Calculating distances between swedish municipalities
I was recently tasked with creating a table of the shortest physical distances between all municipalities in Sweden. While I do live in Scandinavia, I must admit my knowledge about swedish geography fails me here.
So I - naturally - turned to programming.
Stand back, I’m using PostGIS!
For this exercise, I used:
- PostgreSQL 9.1.9
- PostGIS 1.5.8
- Data from OpenStreetMap
Check out my instructions for getting PostGIS running on OS X.
Lucky for us, OpenStreetMap has an impressive collection of geographical data on Sweden.
I recommend grabbing the latest PBF-formatted file, which we can then import into PostgreSQL.
Import into PostgreSQL
Importing an OSM PBF file into PostGIS is remarkably easy - once you know how to do it.
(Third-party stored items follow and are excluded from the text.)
Lemma riccati_trapping (K1 : R) :
  K1 <> 0 -> is_lim K p_infty K1 -> is_lim G p_infty 0 -> is_lim q p_infty 0.
Proof.
  intros HK1 HKlim HGlim. apply eventually_close_lim. intros s Hs.
  destruct (riccati_edge_sign K1 (s / 2) HK1 HKlim HGlim ltac:(lra))
    as [s' [T [Hs' [HaT Hedge]]]].
  destruct q_osc as [q_lo q_hi].
  enough (exists T', forall t, T' <= t -> - s' <= q t <= s') as [T' HT'].
  { exists T'. intros t Ht. rewrite Rminus_0_r. apply Rabs_lt_between.
    pose proof (HT' t ltac:(lra)). lra. }
  destruct (Rlt_or_le 0 K1) as [Kpos | Kneg].
  - destruct (q_lo s' T) as [t2 [Ht2 Hq2]]; [lra |].
    assert (Hup : forall t, t2 <= t -> q t <= s').
    { apply (barrier_upper q dq a t2 s' q_deriv); [lra | lra |].
      intros t Ht _ Hqt. pose proof (proj1 (Hedge t ltac:(lra)) Hqt). nra. }
    destruct (q_hi s' t2) as [t3 [Ht3 Hq3]]; [lra |]. simpl in Hq3.
    assert (Hlow : forall t, t3 <= t -> - s' <= q t).
    { apply (barrier_lower q dq a t3 (- s') q_deriv); [lra | lra |].
      intros t Ht _ Hqt. pose proof (proj2 (Hedge t ltac:(lra)) Hqt). nra. }
    exists t3. intros t Ht. split; [apply Hlow | apply Hup]; lra.
  - assert (Kneg' : K1 < 0) by (destruct Kneg; [lra | congruence]).
    exists T. intros t Ht. split; apply Rnot_lt_le; intro Hout.
    + assert (Hstuck : forall x, t <= x -> q x <= - s').
      { apply (barrier_upper q dq a t (- s') q_deriv); [lra | lra |].
        intros x Hx _ Hqx. pose proof (proj2 (Hedge x ltac:(lra)) Hqx). nra. }
      destruct (q_hi s' t) as [x [Hx Hqx]]; [lra |]. simpl in Hqx.
      specialize (Hstuck x Hx). lra.
    + assert (Hstuck : forall x, t <= x -> s' <= q x).
      { apply (barrier_lower q dq a t s' q_deriv); [lra | lra |].
        intros x Hx _ Hqx. pose proof (proj1 (Hedge x ltac:(lra)) Hqx). nra. }
      destruct (q_lo s' t) as [x [Hx Hqx]]; [lra |].
      specialize (Hstuck x Hx). lra.
Qed.

End RiccatiComparison.

Lemma derivable_pt_lim_quot (f g : R -> R) (x df dg l : R) :
  derivable_pt_lim f x df -> derivable_pt_lim g x dg -> g x <> 0 ->
  l = (df * g x - f x * dg) / g x ^ 2 -> derivable_pt_lim (fun t => f t / g t) x l.
Proof.
  intros Hf Hg Hgx ->. apply is_derive_Reals, is_derive_div; [apply is_derive_Reals .. |]; assumption.
Qed.

Section LogDerivativeOfSolution.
# Setting up the geo-spatial database createdb osm createlang plpgsql osm psql -d osm -c "CREATE EXTENSION hstore;" psql -d osm -f $POSTGRES_PATH/contrib/postgis-1.5/postgis.sql psql -d osm -f $POSTGRES_PATH/contrib/postgis-1.5/spatial_ref_sys.sql psql -d osm -f $OSMOSIS_PATH/script/pgsnapshot_schema_0.6.sql psql -d osm -f $OSMOSIS_PATH/script/pgsnapshot_load_0.6.sql psql -d osm -f $OSMOSIS_PATH/script/pgsnapshot_schema_0.6_action.sql psql -d osm -f $OSMOSIS_PATH/script/pgsnapshot_schema_0.6_bbox.sql psql -d osm -f $OSMOSIS_PATH/script/pgsnapshot_schema_0.6_linestring.sql
(I can’t help but think there must be some easy-to-use, prepackaged script for this, but I didn’t find one).
All of that, so we can actually import the data:
osmosis --read-pbf file=sweden-latest.osm.pbf --write-pgsql database=osm
Now, go grab a cup of coffee. And drink it. And go brew another cup. Actually, go buy a new coffee machine. And perhaps start a coffee farm. In other words, it takes a while.
Getting the municipalities
Now the import of the raw data is done and you’ve made a solid career as a coffee-farmer, let’s verify that we actually got the data we expected.
OpenStreetMap saves the municipalities as administrative relations with names ending with ” kommun”:
osm=# select count(*) from relations where tags->'boundary'='administrative' AND tags->'name' LIKE '% kommun'; count ------- 290 (1 row)
Luckily, 290 is exactly how many municipalities Wikipedia claims Sweden has. Bingo.
The distance between two municipalities
To calculate the shortest distance between two polygons, PostGIS comes with the aptly named
ST_Distance function (and a bunch of others, that a geo-noob like me doesn’t understand).
The problem now is
ST_Distance needs a full polygon for this. In OpenStreetMap each municipality is a “relation” and each “relation” has a bunch of lines called “ways” making up its outer polygon.
We need to merge all those lines into a polygon we can use.
ST_Union we can merge line strings together. For example, combining all the lines making up Ale municipality:
SELECT ST_Union(linestring) FROM relations, relation_members, ways WHERE relations.tags->'name' = 'Ale kommun' AND relations.id=relation_id AND member_id=ways.id GROUP BY relation_id;
We can use all of the above to create a table with the geometries for every municipality in Sweden:
SELECT relations.tags->'name' AS name, ST_Union(linestring) AS polygon INTO municipalities FROM relations, relation_members, ways WHERE relations.id=relation_id AND member_id=ways.id AND relations.tags->'boundary'='administrative' AND relations.tags->'name' LIKE '% kommun' GROUP BY relations.tags->'name';
Once again, the distance between two municipalities
With that in place, we can find the distance between two municipalities:
SELECT ST_Distance( (SELECT polygon FROM municipalities WHERE name='Jönköpings kommun'), (SELECT polygon FROM municipalities WHERE name='Halmstads kommun'), true); st_distance ------------------ 81165.4329007982
true is important as it makes
ST_Distance give us the result in understandable meters. In other words, there is roughly 81 km between Ale and Jönköping municipalities. Now I know that.
Cartesian product FTW
Phew, finally, the last piece of the puzzle: Actually building the resulting table of all the distances.
Time to make one of those cartesian products queries that your DBAs always scolds you for:
SELECT source.name source_name, destination.name destination_name, ST_Distance(source.polygon, destination.polygon, true) FROM municipalities source, municipalities destination;
This could clearly be optimized (it calculates the distance between each municipality twice (one for each direction)), but you could just run it and make sure to store the output somewhere (perhaps in CSV format.
Oh, and that coffee-farm of yours; I’d get right back to that if I was you. The above takes a long time to run.